(* Let $q$ be a prime power and $m,n$ positive integers. Let $\alpha,\beta\in\mathbb{F}_{q^2}^*$ be distinct with $\alpha^{q+1}=\beta^{q+1}=1$, and let $\varepsilon\in\mathbb{F}_{q^2}^*$. Then $$f(x)=(x+\alpha x^q)^m+\varepsilon(x+\beta x^q)^n$$ is a permutation polynomial of $\mathbb{F}_{q^2}$ if and only if $\gcd(mn,q-1)=1$ and $\varepsilon^{q-1}\alpha^m\neq\beta^n$.
   Context: A polynomial is a permutation polynomial of $\mathbb{F}_{q^2}$ if the map it induces on $\mathbb{F}_{q^2}$ is bijective. *)

From HB Require Import structures.
From mathcomp Require Import all_boot all_order all_algebra all_field.
Set Implicit Arguments. Unset Strict Implicit. Unset Printing Implicit Defensive.
Import GRing.Theory.
Local Open Scope ring_scope.

Definition prime_power (q : nat) : Prop :=
  exists p k : nat, prime p /\ (0 < k)%N /\ q = (p ^ k)%N.

Definition is_perm_poly (F : finFieldType) (f : {poly F}) : Prop :=
  bijective (fun x : F => f.[x]).

(** Write [T_a x := x + a x^q].  When [a^(q+1) = 1], [T_a] maps [F_(q^2)] into
    the [F_q]-line [L_a := {u | a u^q = u}], and [L_a] is stable under
    differences, under [u |-> u^k] (landing in [L_(a^k)]) and under scaling.
    Distinct lines meet only in [0], and [T_a], [T_b] have no common nonzero
    root.

    If [f x = f y], then [u^m - u'^m = eps (v'^n - v^n)] with [u = T_alpha x],
    [v = T_beta x], etc., lies both in [L_(alpha^m)] and in
    [L_(beta^n / eps^(q-1))], hence vanishes when [eps^(q-1) alpha^m <> beta^n].
    Coprimality with [q - 1] makes [k]-th powers injective on a line, which
    gives [T_alpha x = T_alpha y], [T_beta x = T_beta y], hence [x = y].

    Conversely, if [d = gcd(m, q-1) > 1], pick [w in F_q] of order [d] and
    [x0 <> 0] in the kernel of [T_beta]: then [f (w x0) = f x0].  And if
    [eps^(q-1) alpha^m = beta^n], the whole image of [f] lies in the proper
    subset [L_(alpha^m)]. *)
From HB Require Import structures.
From mathcomp Require Import all_boot all_order all_algebra all_field.
From mathcomp Require Import zify ring cyclic.
Import GRing.Theory.
Set Implicit Arguments. Unset Strict Implicit.
Local Open Scope ring_scope.

Lemma prime_power_gt1 (q : nat) : prime_power q -> (1 < q)%N.
Proof.
case=> p [k [p_pr [k_gt0 ->]]].
by rewrite -{1}(expn0 p) ltn_exp2l ?prime_gt1.
Qed.

Section TwistedTrace.
Variables (F : finFieldType) (q : nat).
Hypotheses (hq : prime_power q) (hF : #|F| = (q ^ 2)%N).

Let q_gt1 : (1 < q)%N := prime_power_gt1 hq.
Let q_gt0 : (0 < q)%N := ltnW q_gt1.

Lemma pchar_nat_q : [pchar F].-nat q.
Proof.
have [p [k [p_pr [_ qE]]]] := hq.
have pF : p \in [pchar F].
  by apply: (card_finPcharP (n := (k * 2)%N)) => //; rewrite hF qE expnM.
by rewrite (eq_pnat _ (pcharf_eq pF)) qE pnatX pnat_id.
Qed.

Lemma expqD (x y : F) : (x + y) ^+ q = x ^+ q + y ^+ q.
Proof. exact: exprDn_pchar pchar_nat_q. Qed.

Lemma expqB (x y : F) : (x - y) ^+ q = x ^+ q - y ^+ q.
Proof. by rewrite expqD (exprNn_pchar _ pchar_nat_q). Qed.

Lemma expqK (x : F) : (x ^+ q) ^+ q = x.
Proof. by rewrite -exprM -[(q * q)%N]/(q ^ 2)%N -hF expf_card. Qed.

Lemma expq_sub1 (w : F) : w ^+ q = w ^+ (q - 1) * w.
Proof. by rewrite -exprSr subn1 prednK. Qed.

Lemma exists_not_fixed : exists y : F, y ^+ q != y.
Proof.
apply/existsP; apply: contraT; rewrite negb_exists => /forallP /= fixed.
pose p : {poly F} := 'X^q - 'X.
have sz : size p = q.+1.
  by rewrite size_polyDl ?size_polyXn // size_polyN size_polyX; case: q q_gt1 => [|[]].
have all_roots : all (root p) (enum F).
  by apply/allP => y _; rewrite rootE !hornerE (eqP (negPn (fixed y))) subrr.
have too_many : (size p <= size (enum F))%N by rewrite -cardE hF sz expnS expn1; nia.
by move/eqP: (roots_geq_poly_eq0 all_roots (enum_uniq F) too_many); rewrite -size_poly_eq0 sz.
Qed.

Lemma fixed_expr_pred (w : F) : w ^+ q = w -> w != 0 -> w ^+ (q - 1) = 1.
Proof. by move=> wq w0; apply: (mulIf w0); rewrite mul1r -expq_sub1. Qed.

Lemma fixed_expr_coprime_eq1 (k : nat) (w : F) : (0 < k)%N -> coprime k (q - 1) ->
  w ^+ q = w -> w ^+ k = 1 -> w = 1.
Proof.
move=> k_gt0 cop wq wk.
have [w0|w0] := eqVneq w 0.
  by move: wk; rewrite w0 expr0n gtn_eqF // => /esym/eqP; rewrite oner_eq0.
have [a _ /dvdnP[j Ej]] := Bezoutl (q - 1) k_gt0.
rewrite (eqP cop) in Ej.
have : w ^+ (1 + a * (q - 1)) = w ^+ (j * k) by rewrite Ej.
by rewrite exprD mulnC exprM fixed_expr_pred // expr1n mulr1 mulnC exprM wk expr1n.
Qed.

Lemma exists_fixed_root_of_unity (d : nat) : (1 < d)%N -> (d %| q - 1)%N ->
  exists w : F, [/\ w ^+ q = w, w ^+ d = 1 & w != 1].
Proof.
move=> d_gt1 d_dvd.
pose N := #|F|.-1.
have N_gt0 : (0 < N)%N by rewrite /N hF; nia.
have NE : N = ((q - 1) * q.+1)%N by rewrite /N hF; nia.
have /hasP[z _ zN] : has N.-primitive_root (enum (predC1 (0 : F))).
  apply: has_prim_root => //; last by rewrite -cardE cardC1.
  - apply/allP => x; rewrite mem_enum /= => x0; rewrite unity_rootE; apply/eqP.
    by apply: (mulIf x0); rewrite mul1r -exprSr /N prednK ?expf_card // hF; nia.
  - exact: enum_uniq.
have d_dvdN : (d %| N)%N by rewrite NE dvdn_mulr.
exists (z ^+ (N %/ d)); split.
- have wq1 : (z ^+ (N %/ d)) ^+ (q - 1) = 1.
    case/dvdnP: d_dvd => j ->; rewrite -exprM (mulnC j) mulnA divnK // exprM.
    by rewrite (prim_expr_order zN) expr1n.
  by rewrite -{1}(subnK q_gt0) addn1 exprSr wq1 mul1r.
- by rewrite -exprM divnK // (prim_expr_order zN).
- rewrite -(expr0 z) (eq_prim_root_expr zN) mod0n modn_small ?ltn_Pdiv //.
  by rewrite -lt0n divn_gt0 ?(ltnW d_gt1) // dvdn_leq.
Qed.

(** For [a^(q+1) = 1], [on_line a] is the one-dimensional [F_q]-subspace
    [L_a] of [F]; [L_1] is [F_q] itself. *)
Definition on_line (a u : F) : Prop := a * u ^+ q = u.

Definition twisted_trace (a x : F) : F := x + a * x ^+ q.

Lemma on_line_not_full (c : F) : ~ (forall y, on_line c y).
Proof.
move=> full; have c1 : c = 1 by have := full 1; rewrite /on_line expr1n mulr1.
by have [y /eqP[]] := exists_not_fixed; rewrite -{2}(full y) c1 mul1r.
Qed.

Lemma on_line_eq0 (a b y : F) : a != b -> on_line a y -> on_line b y -> y = 0.
Proof.
move=> ab ya yb; have : (a - b) * y ^+ q = 0 by rewrite mulrBl ya yb subrr.
by move/eqP; rewrite mulf_eq0 subr_eq0 (negbTE ab) expf_eq0 => /andP[_ /eqP].
Qed.

Lemma on_lineD (a u v : F) : on_line a u -> on_line a v -> on_line a (u + v).
Proof. by rewrite /on_line expqD mulrDr => -> ->. Qed.

Lemma on_lineB (a u v : F) : on_line a u -> on_line a v -> on_line a (u - v).
Proof. by rewrite /on_line expqB mulrBr => -> ->. Qed.

Lemma on_lineX (a u : F) (k : nat) : on_line a u -> on_line (a ^+ k) (u ^+ k).
Proof. by rewrite /on_line -exprM mulnC exprM -exprMn => ->. Qed.

Lemma on_lineZ (c e w : F) : e != 0 -> on_line c w ->
  on_line (c / e ^+ (q - 1)) (e * w).
Proof.
move=> e0 cw; have eq1_0 : e ^+ (q - 1) != 0 by rewrite expf_neq0.
by rewrite /on_line exprMn expq_sub1 -{2}cw; field.
Qed.

Lemma on_line_expr_inj (a u u' : F) (k : nat) : (0 < k)%N -> coprime k (q - 1) ->
  a != 0 -> on_line a u -> on_line a u' -> u ^+ k = u' ^+ k -> u = u'.
Proof.
move=> k_gt0 cop a0 ua u'a uk.
have [u'0|u'0] := eqVneq u' 0.
  by move: uk; rewrite u'0 expr0n gtn_eqF // => /eqP; rewrite expf_eq0 k_gt0 => /eqP.
apply: divr1_eq; apply: (fixed_expr_coprime_eq1 k_gt0 cop).
  have uq : u ^+ q = a^-1 * u by rewrite -{2}ua mulKf.
  have u'q : u' ^+ q = a^-1 * u' by rewrite -{2}u'a mulKf.
  by rewrite exprMn exprVn uq u'q; field; rewrite u'0 a0.
by rewrite exprMn exprVn uk divff // expf_neq0.
Qed.

Lemma twisted_trace_on_line (a x : F) : a ^+ q.+1 = 1 ->
  on_line a (twisted_trace a x).
Proof.
by move=> a1; rewrite /on_line expqD exprMn expqK mulrDr mulrA -exprS a1 mul1r addrC.
Qed.

Lemma twisted_traceB (a x y : F) :
  twisted_trace a (x - y) = twisted_trace a x - twisted_trace a y.
Proof. by rewrite /twisted_trace expqB; ring. Qed.

Lemma twisted_traceZ (a w x : F) : w ^+ q = w ->
  twisted_trace a (w * x) = w * twisted_trace a x.
Proof. by rewrite /twisted_trace exprMn => ->; ring. Qed.

Lemma twisted_trace_common_root (a b d : F) : a != b ->
  twisted_trace a d = 0 -> twisted_trace b d = 0 -> d = 0.
Proof.
move=> ab da db; have : (a - b) * d ^+ q = twisted_trace a d - twisted_trace b d.
  by rewrite /twisted_trace; ring.
rewrite da db subrr.
by move/eqP; rewrite mulf_eq0 subr_eq0 (negbTE ab) expf_eq0 => /andP[_ /eqP].
Qed.

(** [T_b] cannot be injective, since it maps [F] into the proper subset [L_b]. *)
Lemma twisted_trace_kernel (b : F) : b ^+ q.+1 = 1 ->
  exists2 x : F, x != 0 & twisted_trace b x = 0.
Proof.
move=> b1; have [x /andP[x0 /eqP Tx] | ker0] :=
  pickP (fun x => (x != 0) && (twisted_trace b x == 0)); first by exists x.
have inj : injective (twisted_trace b).
  move=> x y Txy; apply/eqP; rewrite -subr_eq0.
  by move/negbT: (ker0 (x - y)); rewrite twisted_traceB Txy subrr eqxx andbT negbK.
have [g _ gK] := injF_bij inj.
by case: (@on_line_not_full b) => y; rewrite -(gK y); apply: twisted_trace_on_line.
Qed.

Definition twisted_map (a b e : F) (m n : nat) (x : F) : F :=
  twisted_trace a x ^+ m + e * twisted_trace b x ^+ n.

Lemma twisted_map_swap (a b e : F) (m n : nat) (x : F) : e != 0 ->
  twisted_map a b e m n x = e * twisted_map b a e^-1 n m x.
Proof. by move=> e0; rewrite /twisted_map mulrDr mulrA mulfV // mul1r addrC. Qed.

Lemma coprime_of_twisted_map_inj (a b e : F) (m n : nat) :
  a ^+ q.+1 = 1 -> b ^+ q.+1 = 1 -> a != b -> (0 < n)%N ->
  injective (twisted_map a b e m n) -> coprime m (q - 1).
Proof.
move=> a1 b1 ab n_gt0 inj.
have [x0 x0_neq0 Tbx0] := twisted_trace_kernel b1.
apply: contraT => not_cop; pose d := gcdn m (q - 1).
have d_gt1 : (1 < d)%N.
  have : (0 < d)%N by rewrite gcdn_gt0 subn_gt0 q_gt1 orbT.
  by move: not_cop; rewrite /coprime -/d; case: d => [|[]].
have [w [wq wd w_neq1]] := exists_fixed_root_of_unity d_gt1 (dvdn_gcdr _ _).
have wm : w ^+ m = 1.
  by case/dvdnP: (dvdn_gcdl m (q - 1)) => j ->; rewrite mulnC exprM wd expr1n.
have : twisted_map a b e m n (w * x0) = twisted_map a b e m n x0.
  by rewrite /twisted_map !twisted_traceZ // Tbx0 mulr0 exprMn wm mul1r.
move/inj => wx0; have w1 : w = 1 by apply: (mulIf x0_neq0); rewrite mul1r.
by rewrite w1 eqxx in w_neq1.
Qed.

Lemma coprime_exponents_of_twisted_map_inj (a b e : F) (m n : nat) :
  a ^+ q.+1 = 1 -> b ^+ q.+1 = 1 -> a != b -> e != 0 -> (0 < m)%N -> (0 < n)%N ->
  injective (twisted_map a b e m n) -> coprime (m * n) (q - 1).
Proof.
move=> a1 b1 ab e0 m_gt0 n_gt0 inj.
rewrite coprimeMl (coprime_of_twisted_map_inj a1 b1 ab n_gt0 inj).
apply: (coprime_of_twisted_map_inj (e := e^-1) b1 a1 _ m_gt0); first by rewrite eq_sym.
move=> x y Exy; apply: inj.
by rewrite (twisted_map_swap _ _ _ _ x e0) (twisted_map_swap _ _ _ _ y e0) Exy.
Qed.

Lemma twisted_map_on_line (a b e : F) (m n : nat) (x : F) :
  a ^+ q.+1 = 1 -> b ^+ q.+1 = 1 -> e != 0 -> e ^+ (q - 1) * a ^+ m = b ^+ n ->
  on_line (a ^+ m) (twisted_map a b e m n x).
Proof.
move=> a1 b1 e0 abe; have eq1_0 : e ^+ (q - 1) != 0 by rewrite expf_neq0.
apply: on_lineD; first exact/on_lineX/twisted_trace_on_line.
have -> : a ^+ m = b ^+ n / e ^+ (q - 1) by rewrite -abe; field.
by apply: on_lineZ => //; apply/on_lineX/twisted_trace_on_line.
Qed.

Lemma twisted_map_inj (a b e : F) (m n : nat) : (0 < m)%N -> (0 < n)%N ->
  a != 0 -> b != 0 -> a != b -> a ^+ q.+1 = 1 -> b ^+ q.+1 = 1 -> e != 0 ->
  coprime (m * n) (q - 1) -> e ^+ (q - 1) * a ^+ m != b ^+ n ->
  injective (twisted_map a b e m n).
Proof.
move=> m_gt0 n_gt0 a0 b0 ab a1 b1 e0; rewrite coprimeMl => /andP[cop_m cop_n] abe.
move=> x y; rewrite /twisted_map.
set u := twisted_trace a x; set u' := twisted_trace a y.
set v := twisted_trace b x; set v' := twisted_trace b y => fxy.
have [ua u'a] : on_line a u /\ on_line a u' by split; apply: twisted_trace_on_line.
have [vb v'b] : on_line b v /\ on_line b v' by split; apply: twisted_trace_on_line.
have eq1_0 : e ^+ (q - 1) != 0 by rewrite expf_neq0.
have diffE : u ^+ m - u' ^+ m = e * v' ^+ n - e * v ^+ n.
  by rewrite -[u ^+ m](addrK (e * v ^+ n)) fxy; ring.
have diff0 : u ^+ m - u' ^+ m = 0.
  apply: (@on_line_eq0 (a ^+ m) (b ^+ n / e ^+ (q - 1))).
  - by apply: contra abe => /eqP ->; rewrite mulrC divfK.
  - by apply: on_lineB; apply: on_lineX.
  - by rewrite diffE; apply: on_lineB; apply: on_lineZ => //; apply: on_lineX.
have um : u ^+ m = u' ^+ m by apply/subr0_eq.
have vn : v ^+ n = v' ^+ n.
  by apply/(mulfI e0)/esym/subr0_eq; rewrite -diffE.
apply/eqP; rewrite -subr_eq0; apply/eqP; apply: (twisted_trace_common_root ab).
  by rewrite twisted_traceB -/u -/u' (on_line_expr_inj m_gt0 cop_m a0 ua u'a um) subrr.
by rewrite twisted_traceB -/v -/v' (on_line_expr_inj n_gt0 cop_n b0 vb v'b vn) subrr.
Qed.

End TwistedTrace.

Lemma is_perm_poly_twisted_map (q m n : nat) (F : finFieldType) (alpha beta eps : F) :
  is_perm_poly (('X + alpha *: 'X^q) ^+ m + eps *: ('X + beta *: 'X^q) ^+ n)
  <-> bijective (twisted_map q alpha beta eps m n).
Proof.
have evalE : (fun x : F => (('X + alpha *: 'X^q) ^+ m + eps *: ('X + beta *: 'X^q) ^+ n).[x])
    =1 twisted_map q alpha beta eps m n.
  by move=> x; rewrite /twisted_map /twisted_trace !hornerE.
by split=> bij; [exact: (eq_bij bij evalE) | exact: (eq_bij bij (fsym evalE))].
Qed.

Theorem proposition3p1 (q m n : nat) (F : finFieldType)
  (hq : prime_power q) (hF : #|F| = (q ^ 2)%N)
  (hm : (0 < m)%N) (hn : (0 < n)%N)
  (alpha beta eps : F)
  (ha0 : alpha != 0) (hb0 : beta != 0) (hab : alpha != beta)
  (ha1 : alpha ^+ q.+1 = 1) (hb1 : beta ^+ q.+1 = 1)
  (he0 : eps != 0) :
  is_perm_poly (('X + alpha *: 'X^q) ^+ m + eps *: ('X + beta *: 'X^q) ^+ n)
  <-> (gcdn (m * n) (q - 1) = 1)%N /\ eps ^+ (q - 1) * alpha ^+ m != beta ^+ n.
Proof.
split=> [/is_perm_poly_twisted_map [g fK gK] | [/eqP cop abe]].
- split; first apply/eqP.
    exact: (coprime_exponents_of_twisted_map_inj hq hF ha1 hb1 hab he0 hm hn (can_inj fK)).
  apply/eqP => abe; apply: (on_line_not_full hq hF (c := alpha ^+ m)) => y.
  by rewrite -(gK y); apply: twisted_map_on_line.
- apply/is_perm_poly_twisted_map/injF_bij.
  exact: (twisted_map_inj hq hF hm hn ha0 hb0 hab ha1 hb1 he0 cop abe).
Qed.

========

Everything from the line containing "Definition twisted_trace (a" through the line containing "move=> ab ya" in the material above should be retyped exactly, both ends included, and nothing more.

Definition twisted_trace (a x : F) : F := x + a * x ^+ q.

Lemma on_line_not_full (c : F) : ~ (forall y, on_line c y).
Proof.
move=> full; have c1 : c = 1 by have := full 1; rewrite /on_line expr1n mulr1.
by have [y /eqP[]] := exists_not_fixed; rewrite -{2}(full y) c1 mul1r.
Qed.

Lemma on_line_eq0 (a b y : F) : a != b -> on_line a y -> on_line b y -> y = 0.
Proof.
move=> ab ya yb; have : (a - b) * y ^+ q = 0 by rewrite mulrBl ya yb subrr.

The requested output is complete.